In a 5-4 decision, the Supreme Court has ruled that law enforcement will need a search warrant to obtain a citizen’s cellphone location data. Chief Justice John Roberts swung with the court’s four liberal-leaning justices for the prevailing opinion while the four conservative justices, in a rare move, each wrote dissents.

Up until now, such data could obtained by police and other agencies as long as it was assured that it is relevant evidence to building a case against the suspected. However, this decision gives the search Fourth Amendment privacy protections and would require “probably cause” for prosecuting parties to achieve a warrant.

Citizens generally give up their Fourth Amendment protection if they contribute items and information to a third party. In this particular case, Timothy Carpenter was being tried for armed robbery and the police implicated his involvement based on location data obtained by Carpenter’s wireless carrier. His lawyers argued that since the data was not obtained through a warrant that it was not admissible as evidence.

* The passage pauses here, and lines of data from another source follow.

Lemma uniform_bound d (Om : pt d -> Prop) (f g : pt d -> R) (F : mat d -> pt d -> Prop)
    (sig : mat d -> mat d) (lam : mat d -> pt d) :
  (1 <= d)%N -> (exists x, Om x) -> bounded_set Om -> strictly_convex Om ->
  (forall x, Om x -> 0 <= f x) -> bounded_on Om f -> bounded_on (bdry Om) g ->
  (forall B, S1 B -> F (sig B) (lam B) /\ ctrl_mat (sig B) (lam B) = B) ->
  (forall s l, F s l -> forall j, 0 <= l j) ->
  exists C, 0 < C /\ forall T k e u, admissible_mesh Om T -> stencil_ok F T k ->
    valid_ext Om T e -> solves f g sig lam T k e u ->
    forall x, closure Om x -> Rabs (u (e x)) <= C.
Proof.
move=> d1 Om_ne [Rb Om_le] Om_sc f_ge0 [Fb f_le] [Gb g_le] ctrl F_lam.
set c := Rabs Fb * (1 + INR #|{perm 'I_d}|) / 2.
set Zb := INR d * (Rb + 1) ^ 2.
have c0 : 0 <= c.
  by have := Rabs_pos Fb; have := pos_INR #|{perm 'I_d}|; rewrite /c; nra.
have Zb0 : 0 <= Zb by apply: Rmult_le_pos; [apply: pos_INR | apply: pow2_ge_0].
exists (Rabs Gb + c * Zb + 1); split; first by have := Rabs_pos Gb; nra.
move=> T k e u T_adm k_ok e_ok u_sol x xOm.
have bnd_Om z : bnode T z -> bdry Om z by case: T_adm => _ [_ [_]]; apply.
have f_le2c : forall x (B : mat d), Om x -> S1 B -> f x * nroot d (det B) <= 2 * c.
  move=> y B Om_y S1B; rewrite /c (_ : 2 * _ = Rabs Fb * (1 + INR #|{perm 'I_d}|)); last field.
  apply: (f_nroot_det_bound d1 f_ge0) => // z Om_z.
  by apply: Rle_trans (f_le z Om_z) (Rle_abs _).
have [z1 [z1_bnd z1_max]] :=
  @solution_le_boundary d Om f g F sig lam T k e d1 Om_sc Om_ne f_ge0 ctrl F_lam T_adm k_ok e_ok u u_sol.
have [z2 [z2_bnd z2_min]] := @solution_ge_boundary d Om f g F sig lam T k e
  d1 Om_sc Om_ne ctrl F_lam T_adm k_ok e_ok u u_sol c (fun _ => 0) c0 f_le2c.
have := z1_max x xOm; have := z2_min x xOm.
have := g_le z1 (bnd_Om z1 z1_bnd); have := g_le z2 (bnd_Om z2 z2_bnd).
have := closure_nsq_bound Om_le (proj1 (bnd_Om z2 z2_bnd)); rewrite -/Zb.
have := Rle_abs Gb; have := Rle_abs (g z1); have := Rabs_pos Gb.
have := Rabs_Ropp (g z2); have := Rle_abs (- g z2).
by move=> *; apply: Rabs_le; nra.
Qed.
Theorem lemma6p2 (d : nat) (Om : pt d -> Prop) (f g : pt d -> R)
  (F : mat d -> pt d -> Prop) (C0 : R) (sig : mat d -> mat d) (lam : mat d -> pt d) :
  (Peano.le 2 d) ->
  (exists x, Om x) -> is_open Om -> bounded_set Om -> strictly_convex Om ->
  (forall x, Om x -> 0 <= f x) -> bounded_on Om f -> cont_on Om f ->
  bounded_on (bdry Om) g -> cont_on (bdry Om) g ->
  compact_ctrl F ->
  (forall B, S1 B -> F (sig B) (lam B) /\ ctrl_mat (sig B) (lam B) = B) ->
  (forall s l, F s l -> S1 (ctrl_mat s l) /\ sig (ctrl_mat s l) = s /\ lam (ctrl_mat s l) = l) ->
  0 < C0 ->
  (forall s l, F s l -> (forall j, 0 <= l j) /\ vsum l = C0) ->
  (forall kappa : R, exists C, 0 < C /\
     forall (T : list (simplex d)) (k : pt d -> R) (e : pt d -> pt d) (u : pt d -> R),
       admissible_mesh Om T -> shape_reg kappa T -> stencil_ok F T k ->
       valid_ext Om T e -> solves f g sig lam T k e u ->
       forall x, closure Om x -> Rabs (u (e x)) <= C)
  /\
  (forall (p : pt d) (M : R),
     (forall x (B : mat d), Om x -> S1 B -> Rabs (f x) * nroot d (det B) <= M) ->
     forall (T : list (simplex d)) (k : pt d -> R) (e : pt d -> pt d) (u v : pt d -> R),
       admissible_mesh Om T -> stencil_ok F T k ->
       valid_ext Om T e -> solves f g sig lam T k e u ->
       interp T (fun x => M / 2 * (norm (psub x p)) ^ 2) v ->
       (exists z, bnode T z /\
          forall x, closure Om x -> u z - v z <= u (e x) - v (e x)) /\
       (exists z, bnode T z /\
          forall x, closure Om x -> u (e x) + v (e x) <= u z + v z)).
Proof.
move=> d2 Om_ne _ Om_bd Om_sc f_ge0 f_bd _ g_bd _ _ ctrl _ _ F_C0.
have d1 : (1 <= d)%N by apply/leP; lia.
have F_lam : forall s l, F s l -> forall j, 0 <= l j by move=> s l /F_C0 [].
split.
  move=> kappa; have [C [C_gt0 C_bd]] :=
    uniform_bound d1 Om_ne Om_bd Om_sc f_ge0 f_bd g_bd ctrl F_lam.
  by exists C; split => // T k e u T_adm _; apply: C_bd.
move=> p M M_bd T k e u v T_adm k_ok e_ok u_sol v_interp; split.
  exact: (@solution_sub_barrier_min d Om f g F sig lam T k e
    d1 Om_sc Om_ne ctrl F_lam T_adm k_ok e_ok u u_sol p M v M_bd v_interp).
exact: (@solution_add_barrier_max d Om f g F sig lam T k e
  d1 Om_sc Om_ne f_ge0 ctrl F_lam T_adm k_ok e_ok u u_sol p M v M_bd v_interp).
Qed.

In his opinion, Chief Justice Roberts says the ruling will be applied narrowly to historical records perhaps at least 7 days old and that no opinion has been made on real-time record collecting. SCOTUSblog reports that Roberts also made allowances for warrantless collections to be made in emergency situations such as “bomb threats, active shootings, and child abductions.” That said, this does not mean that the government has “unrestricted access” of location data from networks.

Dissenting opinions generally were against the restriction of the government’s ability to enforce law and claim that the decision is a protective facade of citizens’ privacy rights.